## DATA IN THIS EXERCISE
Segment Open

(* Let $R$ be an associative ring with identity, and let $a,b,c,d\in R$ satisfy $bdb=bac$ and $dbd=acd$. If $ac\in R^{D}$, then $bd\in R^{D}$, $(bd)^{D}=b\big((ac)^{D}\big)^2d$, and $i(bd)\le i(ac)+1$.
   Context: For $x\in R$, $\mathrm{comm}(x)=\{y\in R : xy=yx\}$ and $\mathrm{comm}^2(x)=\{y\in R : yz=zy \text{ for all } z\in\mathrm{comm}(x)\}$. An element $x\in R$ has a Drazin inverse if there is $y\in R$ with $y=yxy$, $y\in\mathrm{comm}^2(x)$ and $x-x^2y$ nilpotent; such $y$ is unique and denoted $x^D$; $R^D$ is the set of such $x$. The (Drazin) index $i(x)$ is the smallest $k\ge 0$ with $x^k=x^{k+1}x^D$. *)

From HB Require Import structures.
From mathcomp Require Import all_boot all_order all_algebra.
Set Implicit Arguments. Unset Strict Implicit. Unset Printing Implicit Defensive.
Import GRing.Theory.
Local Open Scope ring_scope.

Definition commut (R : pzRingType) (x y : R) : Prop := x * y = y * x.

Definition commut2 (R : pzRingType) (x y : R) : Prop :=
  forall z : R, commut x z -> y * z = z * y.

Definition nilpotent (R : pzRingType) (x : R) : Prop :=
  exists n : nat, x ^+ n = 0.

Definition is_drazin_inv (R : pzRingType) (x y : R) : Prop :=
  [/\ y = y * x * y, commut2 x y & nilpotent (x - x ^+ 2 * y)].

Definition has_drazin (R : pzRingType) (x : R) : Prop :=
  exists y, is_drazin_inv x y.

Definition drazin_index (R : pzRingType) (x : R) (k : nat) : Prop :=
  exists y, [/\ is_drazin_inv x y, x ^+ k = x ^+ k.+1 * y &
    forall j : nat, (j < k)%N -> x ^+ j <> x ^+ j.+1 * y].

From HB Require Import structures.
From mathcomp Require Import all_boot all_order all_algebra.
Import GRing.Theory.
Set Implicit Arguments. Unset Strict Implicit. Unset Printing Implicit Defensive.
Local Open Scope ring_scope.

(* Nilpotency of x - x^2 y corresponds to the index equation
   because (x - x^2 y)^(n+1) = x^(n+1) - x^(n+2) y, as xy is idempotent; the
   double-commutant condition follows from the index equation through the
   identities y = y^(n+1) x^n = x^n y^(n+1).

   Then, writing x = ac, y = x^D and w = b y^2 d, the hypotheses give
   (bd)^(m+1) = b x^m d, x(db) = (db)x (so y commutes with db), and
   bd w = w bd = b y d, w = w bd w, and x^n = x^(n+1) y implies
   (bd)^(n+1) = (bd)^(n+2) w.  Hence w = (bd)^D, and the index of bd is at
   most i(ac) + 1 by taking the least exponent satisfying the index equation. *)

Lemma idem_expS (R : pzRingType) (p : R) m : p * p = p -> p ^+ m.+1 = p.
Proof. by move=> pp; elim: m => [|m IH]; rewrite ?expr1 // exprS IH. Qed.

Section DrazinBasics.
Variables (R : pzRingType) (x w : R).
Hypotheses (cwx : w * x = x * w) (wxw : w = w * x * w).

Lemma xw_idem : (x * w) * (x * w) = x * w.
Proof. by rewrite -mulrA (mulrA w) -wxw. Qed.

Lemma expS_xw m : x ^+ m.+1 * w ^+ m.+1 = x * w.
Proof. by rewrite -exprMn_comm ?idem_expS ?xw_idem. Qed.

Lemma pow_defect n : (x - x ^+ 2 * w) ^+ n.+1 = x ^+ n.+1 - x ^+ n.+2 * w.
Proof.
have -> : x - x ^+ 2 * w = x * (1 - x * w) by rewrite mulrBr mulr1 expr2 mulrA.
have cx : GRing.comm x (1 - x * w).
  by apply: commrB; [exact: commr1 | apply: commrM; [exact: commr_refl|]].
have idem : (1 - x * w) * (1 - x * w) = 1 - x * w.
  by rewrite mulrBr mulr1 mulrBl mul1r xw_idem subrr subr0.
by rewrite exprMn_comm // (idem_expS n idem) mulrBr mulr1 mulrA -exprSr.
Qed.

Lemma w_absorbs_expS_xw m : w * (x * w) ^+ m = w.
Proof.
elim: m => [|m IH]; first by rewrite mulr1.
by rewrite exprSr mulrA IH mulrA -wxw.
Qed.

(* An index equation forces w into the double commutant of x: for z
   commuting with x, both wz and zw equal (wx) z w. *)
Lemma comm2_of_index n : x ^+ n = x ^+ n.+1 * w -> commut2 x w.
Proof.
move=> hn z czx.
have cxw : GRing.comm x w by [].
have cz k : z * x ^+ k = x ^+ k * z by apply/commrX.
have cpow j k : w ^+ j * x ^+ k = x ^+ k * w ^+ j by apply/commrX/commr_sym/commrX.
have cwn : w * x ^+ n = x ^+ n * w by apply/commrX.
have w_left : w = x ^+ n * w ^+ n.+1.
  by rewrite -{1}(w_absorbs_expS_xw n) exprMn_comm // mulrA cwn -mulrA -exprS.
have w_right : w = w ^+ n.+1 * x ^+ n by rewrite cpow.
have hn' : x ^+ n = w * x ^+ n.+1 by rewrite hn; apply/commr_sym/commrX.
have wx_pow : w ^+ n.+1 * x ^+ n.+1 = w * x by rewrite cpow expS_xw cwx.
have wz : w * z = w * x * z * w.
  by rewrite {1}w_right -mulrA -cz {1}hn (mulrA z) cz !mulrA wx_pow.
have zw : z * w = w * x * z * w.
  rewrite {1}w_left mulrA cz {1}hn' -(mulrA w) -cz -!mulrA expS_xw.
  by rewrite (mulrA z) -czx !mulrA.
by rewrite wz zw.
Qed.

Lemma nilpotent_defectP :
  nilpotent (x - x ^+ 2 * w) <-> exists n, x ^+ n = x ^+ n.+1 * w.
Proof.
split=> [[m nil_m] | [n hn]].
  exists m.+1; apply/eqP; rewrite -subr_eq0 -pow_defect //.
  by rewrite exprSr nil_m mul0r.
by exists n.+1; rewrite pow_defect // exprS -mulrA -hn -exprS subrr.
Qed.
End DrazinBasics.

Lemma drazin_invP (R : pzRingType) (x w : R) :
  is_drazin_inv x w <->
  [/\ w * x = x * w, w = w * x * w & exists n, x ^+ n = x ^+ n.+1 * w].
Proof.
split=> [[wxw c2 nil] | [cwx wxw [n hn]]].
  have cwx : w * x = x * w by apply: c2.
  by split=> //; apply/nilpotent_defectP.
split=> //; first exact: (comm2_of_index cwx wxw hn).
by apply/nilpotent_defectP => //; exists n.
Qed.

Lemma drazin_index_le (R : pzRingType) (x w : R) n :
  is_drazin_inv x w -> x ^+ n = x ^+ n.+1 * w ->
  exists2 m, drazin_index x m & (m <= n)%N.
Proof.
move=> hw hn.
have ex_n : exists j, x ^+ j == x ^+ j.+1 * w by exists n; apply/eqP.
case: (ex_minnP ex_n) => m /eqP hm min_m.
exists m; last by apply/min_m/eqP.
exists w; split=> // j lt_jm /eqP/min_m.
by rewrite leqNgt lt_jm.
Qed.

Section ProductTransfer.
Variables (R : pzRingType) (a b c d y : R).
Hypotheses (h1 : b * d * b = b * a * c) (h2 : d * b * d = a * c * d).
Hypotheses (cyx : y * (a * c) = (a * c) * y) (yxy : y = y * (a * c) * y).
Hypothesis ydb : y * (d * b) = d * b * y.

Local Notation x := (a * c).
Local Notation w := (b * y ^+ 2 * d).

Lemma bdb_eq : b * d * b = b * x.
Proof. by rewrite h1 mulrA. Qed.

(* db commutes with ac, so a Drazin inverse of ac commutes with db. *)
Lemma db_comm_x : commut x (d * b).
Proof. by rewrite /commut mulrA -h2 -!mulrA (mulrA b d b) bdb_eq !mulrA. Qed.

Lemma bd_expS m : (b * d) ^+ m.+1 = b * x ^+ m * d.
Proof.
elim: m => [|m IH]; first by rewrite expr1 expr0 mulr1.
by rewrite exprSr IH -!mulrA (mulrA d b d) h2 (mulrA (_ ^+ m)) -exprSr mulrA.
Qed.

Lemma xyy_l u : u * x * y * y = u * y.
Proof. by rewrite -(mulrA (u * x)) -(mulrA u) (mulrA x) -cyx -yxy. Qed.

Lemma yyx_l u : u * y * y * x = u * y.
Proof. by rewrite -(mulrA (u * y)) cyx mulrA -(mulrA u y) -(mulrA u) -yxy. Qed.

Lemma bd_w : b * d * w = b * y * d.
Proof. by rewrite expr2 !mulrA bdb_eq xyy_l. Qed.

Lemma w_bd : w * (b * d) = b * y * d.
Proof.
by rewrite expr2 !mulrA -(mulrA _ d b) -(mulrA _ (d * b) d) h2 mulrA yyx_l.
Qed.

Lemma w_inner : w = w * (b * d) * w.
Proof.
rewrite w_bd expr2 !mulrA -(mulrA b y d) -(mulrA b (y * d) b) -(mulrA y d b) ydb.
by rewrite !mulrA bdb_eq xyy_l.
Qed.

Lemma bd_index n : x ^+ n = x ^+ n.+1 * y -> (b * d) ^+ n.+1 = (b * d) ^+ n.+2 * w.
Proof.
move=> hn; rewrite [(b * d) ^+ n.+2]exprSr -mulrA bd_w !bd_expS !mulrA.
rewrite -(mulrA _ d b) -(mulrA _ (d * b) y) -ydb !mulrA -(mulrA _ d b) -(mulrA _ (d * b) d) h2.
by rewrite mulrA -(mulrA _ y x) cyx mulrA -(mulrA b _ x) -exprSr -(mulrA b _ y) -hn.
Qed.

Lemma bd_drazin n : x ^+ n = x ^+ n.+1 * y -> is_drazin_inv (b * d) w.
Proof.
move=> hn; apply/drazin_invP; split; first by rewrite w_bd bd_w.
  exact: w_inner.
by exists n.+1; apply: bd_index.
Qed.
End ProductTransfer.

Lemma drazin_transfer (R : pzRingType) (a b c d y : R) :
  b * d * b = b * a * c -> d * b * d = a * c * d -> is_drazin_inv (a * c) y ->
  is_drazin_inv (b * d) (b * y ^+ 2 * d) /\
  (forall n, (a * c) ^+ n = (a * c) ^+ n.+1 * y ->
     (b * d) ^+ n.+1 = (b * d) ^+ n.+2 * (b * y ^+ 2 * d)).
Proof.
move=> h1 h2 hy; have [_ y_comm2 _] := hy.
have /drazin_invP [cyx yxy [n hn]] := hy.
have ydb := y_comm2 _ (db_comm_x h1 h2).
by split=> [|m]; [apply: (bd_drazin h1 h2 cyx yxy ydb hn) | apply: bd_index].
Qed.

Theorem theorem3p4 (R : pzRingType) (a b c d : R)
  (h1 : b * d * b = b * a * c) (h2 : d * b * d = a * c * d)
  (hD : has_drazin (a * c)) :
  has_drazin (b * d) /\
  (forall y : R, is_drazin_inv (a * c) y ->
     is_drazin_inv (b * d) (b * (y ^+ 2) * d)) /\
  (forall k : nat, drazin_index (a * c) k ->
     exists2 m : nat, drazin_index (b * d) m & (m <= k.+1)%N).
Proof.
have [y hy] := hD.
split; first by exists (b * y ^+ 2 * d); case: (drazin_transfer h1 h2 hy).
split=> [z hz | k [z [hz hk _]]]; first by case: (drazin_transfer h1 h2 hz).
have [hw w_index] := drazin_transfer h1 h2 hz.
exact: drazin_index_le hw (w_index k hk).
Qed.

Segment Closed

## TASK REQUIREMENTS
Set each line down exactly, starting with the one that contains "(forall k : nat, drazin_index (a * c) k ->" and ending with the last line of the listing; add nothing else.

## OUTPUT OF THE TASK
  (forall k : nat, drazin_index (a * c) k ->
     exists2 m : nat, drazin_index (b * d) m & (m <= k.+1)%N).
Proof.
have [y hy] := hD.
split; first by exists (b * y ^+ 2 * d); case: (drazin_transfer h1 h2 hy).
split=> [z hz | k [z [hz hk _]]]; first by case: (drazin_transfer h1 h2 hz).
have [hw w_index] := drazin_transfer h1 h2 hz.
exact: drazin_index_le hw (w_index k hk).
Qed.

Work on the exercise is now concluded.